#### Instructions for the task:
In the entries that follow, the line with "case: eqP => [step_other|_] /=." opens the range and the line with "case: eqP => [step_other|/eqP" closes it; repeat that range exactly, both lines included.

#### Saved entries:
(* Let $G$ and $H$ be finite simple graphs such that $\delta(G)\le\delta(H)$. Let $S$ be a minimum edge-cut in $G\times H$ and let $B,W$ be the connected components of $(G\times H)-S$. If $|S|<\delta(G\times H)$, then for every $(x,y)\in V(G\times H)$ either $N_G(x)\times\{y\}\subseteq B$ or $N_G(x)\times\{y\}\subseteq W$.
   Context: The direct product $G\times H$ has vertex set $V(G)\times V(H)$, with $(x_1,y_1)$ adjacent to $(x_2,y_2)$ if and only if $x_1x_2\in E(G)$ and $y_1y_2\in E(H)$. $\delta(F)$ denotes the minimum degree of a graph $F$, and $N_G(x)$ the open neighbourhood of $x$ in $G$. A minimum edge-cut is an edge set of minimum size whose removal disconnects the graph; $B$ and $W$ denote the two connected components of $(G\times H)-S$. *)

From mathcomp Require Import all_boot.
Set Implicit Arguments. Unset Strict Implicit. Unset Printing Implicit Defensive.

Definition simple_graph (T : finType) (e : rel T) : Prop :=
  symmetric e /\ irreflexive e.

Definition nbhd (T : finType) (e : rel T) (x : T) : {set T} := [set y | e x y].

(* minimum degree delta(F); the default #|T| only matters when T is empty
   (then delta = 0 = #|T|), since every degree is < #|T| *)
Definition mindeg (T : finType) (e : rel T) : nat :=
  \big[minn/#|T|]_(v : T) #|nbhd e v|.

Definition dprod_rel (T1 T2 : finType) (e1 : rel T1) (e2 : rel T2) : rel (T1 * T2) :=
  fun p q => e1 p.1 q.1 && e2 p.2 q.2.

Definition edges (T : finType) (e : rel T) : {set {set T}} :=
  [set [set p.1; p.2] | p in [set p : T * T | e p.1 p.2]].

Definition del_edges (T : finType) (e : rel T) (S : {set {set T}}) : rel T :=
  fun u v => e u v && ([set u; v] \notin S).

Definition disconnected (T : finType) (e : rel T) : Prop :=
  exists u v : T, ~~ connect e u v.

Definition edge_cut (T : finType) (e : rel T) (S : {set {set T}}) : Prop :=
  S \subset edges e /\ disconnected (del_edges e S).

Definition min_edge_cut (T : finType) (e : rel T) (S : {set {set T}}) : Prop :=
  edge_cut e S /\ forall S', edge_cut e S' -> #|S| <= #|S'|.

Definition component (T : finType) (e : rel T) (C : {set T}) : Prop :=
  exists2 x, x \in C & C = [set y | connect e x y].

From mathcomp Require Import all_boot.
Set Implicit Arguments. Unset Strict Implicit. Unset Printing Implicit Defensive.

(* Suppose [x1, x2 ∈ N_G(x)] with [(x1, y)] and [(x2, y)] on different sides of
   the cut. For every [q ∈ N_H(y)] and every [k < δ(G)] there is a short walk
   in [G × H] between two vertices on different sides, and these
   [δ(G) · deg_H(y)] walks are pairwise edge-disjoint. Each of them crosses
   the cut, so [|S| ≥ δ(G) δ(H) ≥ δ(G × H)]. *)

Lemma set2_inv (T : finType) (a b a' b' : T) :
  [set a; b] = [set a'; b'] -> (a = a' /\ b = b') \/ (a = b' /\ b = a').
Proof.
move=> E.
have : a \in [set a'; b'] by rewrite -E set21.
have : b \in [set a'; b'] by rewrite -E set22.
have : a' \in [set a; b] by rewrite E set21.
have : b' \in [set a; b] by rewrite E set22.
rewrite !inE.
by case/orP=> /eqP eb'; case/orP=> /eqP ea'; case/orP=> /eqP eb; case/orP=> /eqP ea;
  subst; auto.
Qed.

Lemma has_colour_change (T : Type) (c : T -> bool) (h : T) (t : seq T) :
  c h != c (last h t) -> has (fun e => c e.1 != c e.2) (zip (h :: t) t).
Proof.
elim: t h => [|h' t IHt] h /=; first by rewrite eqxx.
by case: (c h =P c h') => [-> /IHt ->|].
Qed.

Lemma nth_enum_setD1 (T : finType) (A : {set T}) (a a0 : T) (d k : nat) :
  a \in A -> d <= #|A| -> 0 < k < d ->
  nth a0 (enum (A :\ a)) k.-1 \in A :\ a /\
  index (nth a0 (enum (A :\ a)) k.-1) (enum (A :\ a)) = k.-1.
Proof.
move=> Aa dA /andP[k_gt0 k_lt_d]; set s := enum _.
have lt_k_s : k.-1 < size s.
  rewrite -cardE (cardsD1 a A) Aa add1n in dA *.
  by rewrite -ltnS prednK // (leq_trans k_lt_d).
by rewrite -mem_enum mem_nth // index_uniq // enum_uniq.
Qed.

Section MinimumDegree.
Variables (T : finType) (e : rel T).

Lemma mindeg_le v : mindeg e <= #|nbhd e v|.
Proof.
rewrite /mindeg; elim: (index_enum T) (mem_index_enum v) => //= u s IHs.
rewrite inE big_cons => /predU1P[<-|/IHs]; first exact: geq_minl.
exact/leq_trans/geq_minr.
Qed.

Lemma mindeg_attained (v0 : T) : exists v, #|nbhd e v| = mindeg e.
Proof.
have [v _ v_min] := @arg_minnP T v0 xpredT (fun v => #|nbhd e v|) isT.
exists v; apply/eqP; rewrite eqn_leq mindeg_le andbT.
by apply: (big_ind (leq _)) => // [|m n]; [exact: max_card|rewrite leq_min => ->].
Qed.

Lemma mindeg_le_card : mindeg e <= #|T|.
Proof.
apply: (big_ind (fun m => m <= #|T|)) => // [m n le_m _|v _]; last exact: max_card.
by rewrite geq_min le_m.
Qed.

End MinimumDegree.

Lemma nbhd_dprod (T1 T2 : finType) (G : rel T1) (H : rel T2) (v : T1) (w : T2) :
  nbhd (dprod_rel G H) (v, w) = setX (nbhd G v) (nbhd H w).
Proof. by apply/setP => -[a b]; rewrite !inE. Qed.

Lemma mindeg_dprod (T1 T2 : finType) (G : rel T1) (H : rel T2) :
  mindeg (dprod_rel G H) <= mindeg G * mindeg H.
Proof.
case: (pickP (@predT T1)) => [v0 _|T1_0]; last first.
  by apply: leq_trans (mindeg_le_card _) _; rewrite card_prod (eq_card0 T1_0).
case: (pickP (@predT T2)) => [w0 _|T2_0]; last first.
  by apply: leq_trans (mindeg_le_card _) _; rewrite card_prod (eq_card0 T2_0) muln0.
have [v <-] := mindeg_attained G v0; have [w <-] := mindeg_attained H w0.
by rewrite -cardsX -nbhd_dprod mindeg_le.
Qed.

Definition crossing_edges (T : finType) (e : rel T) (c : T -> bool) : {set {set T}} :=
  [set [set p.1; p.2] | p in [set p : T * T | e p.1 p.2 && (c p.1 != c p.2)]].

Lemma crossing_edge_in_cut (T : finType) (e : rel T) (S : {set {set T}})
    (B : {set T}) (u v : T) :
  symmetric e -> component (del_edges e S) B ->
  e u v -> (u \in B) != (v \in B) -> [set u; v] \in S.
Proof.
move=> sym_e [b _ ->]; wlog Bu : u v / connect (del_edges e S) b u.
  move=> wlog_cut uv.
  have [Bu|nBu] := boolP (connect (del_edges e S) b u); first exact: wlog_cut.
  rewrite setUC eq_sym => neq; apply: (wlog_cut v u _ _ neq); last by rewrite sym_e.
  by move: neq; rewrite !inE (negbTE nBu); case: connect.
rewrite !inE Bu => uv; apply: contraR => uv_S.
by apply: connect_trans Bu (connect1 _); rewrite /del_edges uv.
Qed.

Section DisjointCrossingWalks.
Variables (T1 T2 : finType) (G : rel T1) (H : rel T2).
Hypotheses (symG : symmetric G) (irrG : irreflexive G).
Hypotheses (symH : symmetric H) (irrH : irreflexive H).
Variable c : T1 * T2 -> bool.
Variables (x x1 x2 : T1) (y : T2) (d : nat).
Hypotheses (Gxx1 : G x x1) (Gxx2 : G x x2) (c_x1x2 : c (x1, y) != c (x2, y)).
Hypotheses (d_x1 : d <= #|nbhd G x1|) (d_x2 : d <= #|nbhd G x2|).
Hypothesis d_nbhd_y : forall q, H y q -> d <= #|nbhd H q|.

Local Notation GxH := (dprod_rel G H).

Lemma G_neq v w : G v w -> (w == v) = false.
Proof. by apply: contraTF => /eqP->; rewrite irrG. Qed.

Lemma H_neq v w : H v w -> (w == v) = false.
Proof. by apply: contraTF => /eqP->; rewrite irrH. Qed.

(* The walks for [q] start at [(start q, y)], where [start q] is the one of
   [x1], [x2] whose colour differs from that of [(x, q)]. *)
Definition start q := if c (x, q) != c (x1, y) then x1 else x2.
Definition other q := if c (x, q) != c (x1, y) then x2 else x1.

Lemma c_start_x q : c (start q, y) != c (x, q).
Proof. by rewrite /start eq_sym; case: ifP => // /negbFE/eqP->. Qed.

Lemma c_start_other q : c (start q, y) != c (other q, y).
Proof. by rewrite /start /other; case: ifP => _ //; rewrite eq_sym. Qed.

Lemma G_x_start q : G x (start q). Proof. by rewrite /start; case: ifP. Qed.
Lemma G_x_other q : G x (other q). Proof. by rewrite /other; case: ifP. Qed.

Lemma mem_x12 q v : (v \in [:: x1; x2]) = (v == start q) || (v == other q).
Proof. by rewrite !inE /start /other; case: ifP => _ //; rewrite orbC. Qed.

Definition nbrs_G v := enum (nbhd G v :\ x).
Definition nbrs_H q := enum (nbhd H q :\ y).
Definition step_G q k := nth x (nbrs_G (start q)) k.-1.
Definition step_H q k := nth y (nbrs_H q) k.-1.

Lemma step_G_spec q k : 0 < k < d ->
  step_G q k \in nbhd G (start q) :\ x /\ index (step_G q k) (nbrs_G (start q)) = k.-1.
Proof.
apply: nth_enum_setD1; first by rewrite inE symG G_x_start.
by rewrite /start; case: ifP.
Qed.

Lemma step_H_spec q k : H y q -> 0 < k < d ->
  step_H q k \in nbhd H q :\ y /\ index (step_H q k) (nbrs_H q) = k.-1.
Proof. by move=> Hyq; apply: nth_enum_setD1; [rewrite inE symH | exact: d_nbhd_y]. Qed.

(* The vertices after [(start q, y)] of the [k]-th walk for [q]; it uses the
   [k]-th neighbours of [start q] and of [q], other than [x] and [y]. *)
Definition walk q k : seq (T1 * T2) :=
  if k == 0 then [:: (x, q)]
  else if step_G q k == other q then [:: (other q, q); (x, y); (start q, q); (other q, y)]
  else [:: (step_G q k, q); (start q, step_H q k); (x, q)].

Definition walk_edges q k := zip ((start q, y) :: walk q k) (walk q k).

Lemma walk_edgesP q k :
  H y q -> k < d -> all (fun e => GxH e.1 e.2) (walk_edges q k).
Proof.
move=> Hyq lt_k_d; rewrite /walk_edges /walk /dprod_rel.
have [_|k_gt0] /= := posnP k; first by rewrite symG G_x_start Hyq.
have hk : 0 < k < d by rewrite k_gt0.
have [+ _] := step_G_spec q hk; rewrite !inE => /andP[_ G_step].
case: eqP => [step_other|_] /=.
  by rewrite -step_other G_step Hyq symG step_other G_x_other symH Hyq G_x_start.
have [+ _] := step_H_spec Hyq hk; rewrite !inE => /andP[_ H_step].
by rewrite G_step Hyq symG G_step H_step symG G_x_start symH H_step.
Qed.

Lemma walk_edges_cross q k : has (fun e => c e.1 != c e.2) (walk_edges q k).
Proof.
apply: has_colour_change; rewrite /walk.
case: ifP => _ /=; first exact: c_start_x.
by case: ifP => _ /=; [exact: c_start_other | exact: c_start_x].
Qed.

Definition index_other q := (index (other q) (nbrs_G (start q))).+1.

(* [walk_index] recovers [(q, k)] from either orientation of every edge of
   [walk q k]: this is what makes the walks pairwise edge-disjoint. *)
Definition walk_index_at_x (w hx : T2) : T2 * nat :=
  if hx == y then (w, index_other w) else if w == y then (hx, 0)
  else (hx, (index w (nbrs_H hx)).+1).

Definition walk_index (v w : T1 * T2) : T2 * nat :=
  if v.1 == x then walk_index_at_x w.2 v.2
  else if w.1 == x then walk_index_at_x v.2 w.2
  else if (v.1 \in [:: x1; x2]) && (w.1 \in [:: x1; x2]) then
    let q := if v.2 == y then w.2 else v.2 in (q, index_other q)
  else if v.1 \in [:: x1; x2] then (w.2, (index w.1 (nbrs_G v.1)).+1)
  else (v.2, (index v.1 (nbrs_G w.1)).+1).

Lemma walk_indexK q k e : H y q -> k < d -> e \in walk_edges q k ->
  walk_index e.1 e.2 = (q, k) /\ walk_index e.2 e.1 = (q, k).
Proof.
move=> Hyq lt_k_d; rewrite /walk_edges /walk.
have q_y : (q == y) = false by rewrite H_neq.
have start_x12 := mem_x12 q (start q); have other_x12 := mem_x12 q (other q).
rewrite eqxx /= in start_x12; rewrite eqxx orbT in other_x12.
have start_x := G_neq (G_x_start q); have other_x := G_neq (G_x_other q).
have [->|k_gt0] /= := posnP k.
  by rewrite inE => /eqP-> /=; rewrite /walk_index /walk_index_at_x /= start_x q_y !eqxx.
have hk : 0 < k < d by rewrite k_gt0.
have [+ step_G_idx] := step_G_spec q hk; rewrite !inE => /andP[step_G_x G_step].
have k_of_step_G : (index (step_G q k) (nbrs_G (start q))).+1 = k.
  by rewrite step_G_idx prednK.
case: eqP => [step_other|/eqP step_not_other] /=.
  have index_other_q : index_other q = k by rewrite /index_other -step_other k_of_step_G.
  by rewrite !inE => /or4P[]/eqP-> /=; rewrite /walk_index /walk_index_at_x /=
    ?start_x ?other_x ?q_y ?start_x12 ?other_x12 ?eqxx /= ?index_other_q.
have step_G_x12 : (step_G q k \in [:: x1; x2]) = false.
  by rewrite (mem_x12 q) (negbTE step_not_other) (G_neq G_step).
have [+ step_H_idx] := step_H_spec Hyq hk; rewrite !inE => /andP[step_H_y _].
have k_of_step_H : (index (step_H q k) (nbrs_H q)).+1 = k by rewrite step_H_idx prednK.
by move=> /or3P[]/eqP-> /=; rewrite /walk_index /walk_index_at_x /=
  ?start_x ?(negbTE step_G_x) ?q_y ?start_x12 ?step_G_x12 ?(negbTE step_H_y)
  ?k_of_step_G ?k_of_step_H ?eqxx //.
Qed.

Definition crossing (e : (T1 * T2) * (T1 * T2)) := c e.1 != c e.2.

Definition crossing_step (i : T2 * 'I_d) : (T1 * T2) * (T1 * T2) :=
  let E := walk_edges i.1 i.2 in nth ((x, y), (x, y)) E (find crossing E).

Definition walk_indices : {set T2 * 'I_d} := setX (nbhd H y) [set: 'I_d].

Lemma crossing_stepP i : i \in walk_indices ->
  crossing_step i \in walk_edges i.1 i.2 /\ crossing (crossing_step i).
Proof.
case: i => q k; rewrite !inE andbT /= => Hyq.
have has_crossing := walk_edges_cross q k.
by split; [apply: mem_nth; rewrite -has_find | apply: nth_find].
Qed.

Lemma crossing_step_inj :
  {in walk_indices &,
    injective (fun i => [set (crossing_step i).1; (crossing_step i).2])}.
Proof.
move=> [q k] [q' k'] i_idx i'_idx /set2_inv.
have [+ _] := crossing_stepP i_idx; have [+ _] := crossing_stepP i'_idx.
move: i_idx i'_idx; rewrite !inE !andbT /= => Hyq Hyq'.
move=> /(walk_indexK Hyq' (ltn_ord k'))[idx' idx'_sym].
move=> /(walk_indexK Hyq (ltn_ord k))[idx _].
by case=> -[e1 e2]; move: idx; rewrite e1 e2 ?idx' ?idx'_sym => -[-> /val_inj->].
Qed.

Lemma card_crossing_edges :
  d * #|nbhd H y| <= #|crossing_edges GxH c|.
Proof.
rewrite -[d in d * _]card_ord -cardsT mulnC -cardsX -(card_in_imset crossing_step_inj).
apply/subset_leq_card/subsetP => _ /imsetP[i i_idx ->].
have [walk_i cross_i] := crossing_stepP i_idx.
have Hyq : H y i.1 by move: i_idx; rewrite !inE andbT.
apply/imsetP; exists (crossing_step i) => //.
by rewrite inE (allP (walk_edgesP Hyq (ltn_ord i.2))).
Qed.

End DisjointCrossingWalks.

Lemma crossing_edges_sub_cut (T : finType) (e : rel T) (S : {set {set T}}) (B : {set T}) :
  symmetric e -> component (del_edges e S) B ->
  crossing_edges e (fun v => v \in B) \subset S.
Proof.
move=> sym_e B_comp; apply/subsetP => _ /imsetP[[u v] + ->].
by rewrite inE /= => /andP[uv]; exact: crossing_edge_in_cut.
Qed.

Theorem lemma2p3 (T1 T2 : finType) (G : rel T1) (H : rel T2)
  (S : {set {set (T1 * T2)}}) (B W : {set (T1 * T2)}) :
  simple_graph G -> simple_graph H ->
  mindeg G <= mindeg H ->
  min_edge_cut (dprod_rel G H) S ->
  component (del_edges (dprod_rel G H) S) B ->
  component (del_edges (dprod_rel G H) S) W ->
  B != W ->
  B :|: W = [set: T1 * T2] ->
  #|S| < mindeg (dprod_rel G H) ->
  forall (x : T1) (y : T2),
    [set (x', y) | x' in nbhd G x] \subset B \/
    [set (x', y) | x' in nbhd G x] \subset W.
Proof.
move=> [symG irrG] [symH irrH] le_GH _ B_comp _ _ BW lt_S_GH x y.
have [|/subsetPn[_ /imsetP[x1 /[!inE] Gxx1 ->] x1_B]] := boolP (_ \subset B).
  by left.
have [|/subsetPn[_ /imsetP[x2 /[!inE] Gxx2 ->] x2_W]] := boolP (_ \subset W).
  by right.
have x2_B : (x2, y) \in B.
  by move: (in_setT (x2, y)); rewrite -BW inE (negbTE x2_W) orbF.
have sym_GH : symmetric (dprod_rel G H) by move=> u v; rewrite /dprod_rel symG symH.
have d_nbhd q : H y q -> mindeg G <= #|nbhd H q|.
  by move=> _; exact: leq_trans le_GH (mindeg_le H q).
exfalso; move: lt_S_GH; apply/negP; rewrite -leqNgt.
apply: leq_trans (mindeg_dprod G H) _.
apply: leq_trans (leq_mul (leqnn _) (mindeg_le H y)) _.
apply: leq_trans (card_crossing_edges (c := fun v => v \in B) symG irrG symH irrH
  Gxx1 Gxx2 _ _ _ d_nbhd) _.
- by rewrite x2_B (negbTE x1_B).
- exact: mindeg_le.
- exact: mindeg_le.
exact/subset_leq_card/crossing_edges_sub_cut.
Qed.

#### Expected output:
case: eqP => [step_other|_] /=.
  by rewrite -step_other G_step Hyq symG step_other G_x_other symH Hyq G_x_start.
have [+ _] := step_H_spec Hyq hk; rewrite !inE => /andP[_ H_step].
by rewrite G_step Hyq symG G_step H_step symG G_x_start symH H_step.
Qed.

Lemma walk_edges_cross q k : has (fun e => c e.1 != c e.2) (walk_edges q k).
Proof.
apply: has_colour_change; rewrite /walk.
case: ifP => _ /=; first exact: c_start_x.
by case: ifP => _ /=; [exact: c_start_other | exact: c_start_x].
Qed.

Definition index_other q := (index (other q) (nbrs_G (start q))).+1.

(* [walk_index] recovers [(q, k)] from either orientation of every edge of
   [walk q k]: this is what makes the walks pairwise edge-disjoint. *)
Definition walk_index_at_x (w hx : T2) : T2 * nat :=
  if hx == y then (w, index_other w) else if w == y then (hx, 0)
  else (hx, (index w (nbrs_H hx)).+1).

Definition walk_index (v w : T1 * T2) : T2 * nat :=
  if v.1 == x then walk_index_at_x w.2 v.2
  else if w.1 == x then walk_index_at_x v.2 w.2
  else if (v.1 \in [:: x1; x2]) && (w.1 \in [:: x1; x2]) then
    let q := if v.2 == y then w.2 else v.2 in (q, index_other q)
  else if v.1 \in [:: x1; x2] then (w.2, (index w.1 (nbrs_G v.1)).+1)
  else (v.2, (index v.1 (nbrs_G w.1)).+1).

Lemma walk_indexK q k e : H y q -> k < d -> e \in walk_edges q k ->
  walk_index e.1 e.2 = (q, k) /\ walk_index e.2 e.1 = (q, k).
Proof.
move=> Hyq lt_k_d; rewrite /walk_edges /walk.
have q_y : (q == y) = false by rewrite H_neq.
have start_x12 := mem_x12 q (start q); have other_x12 := mem_x12 q (other q).
rewrite eqxx /= in start_x12; rewrite eqxx orbT in other_x12.
have start_x := G_neq (G_x_start q); have other_x := G_neq (G_x_other q).
have [->|k_gt0] /= := posnP k.
  by rewrite inE => /eqP-> /=; rewrite /walk_index /walk_index_at_x /= start_x q_y !eqxx.
have hk : 0 < k < d by rewrite k_gt0.
have [+ step_G_idx] := step_G_spec q hk; rewrite !inE => /andP[step_G_x G_step].
have k_of_step_G : (index (step_G q k) (nbrs_G (start q))).+1 = k.
  by rewrite step_G_idx prednK.
case: eqP => [step_other|/eqP step_not_other] /=.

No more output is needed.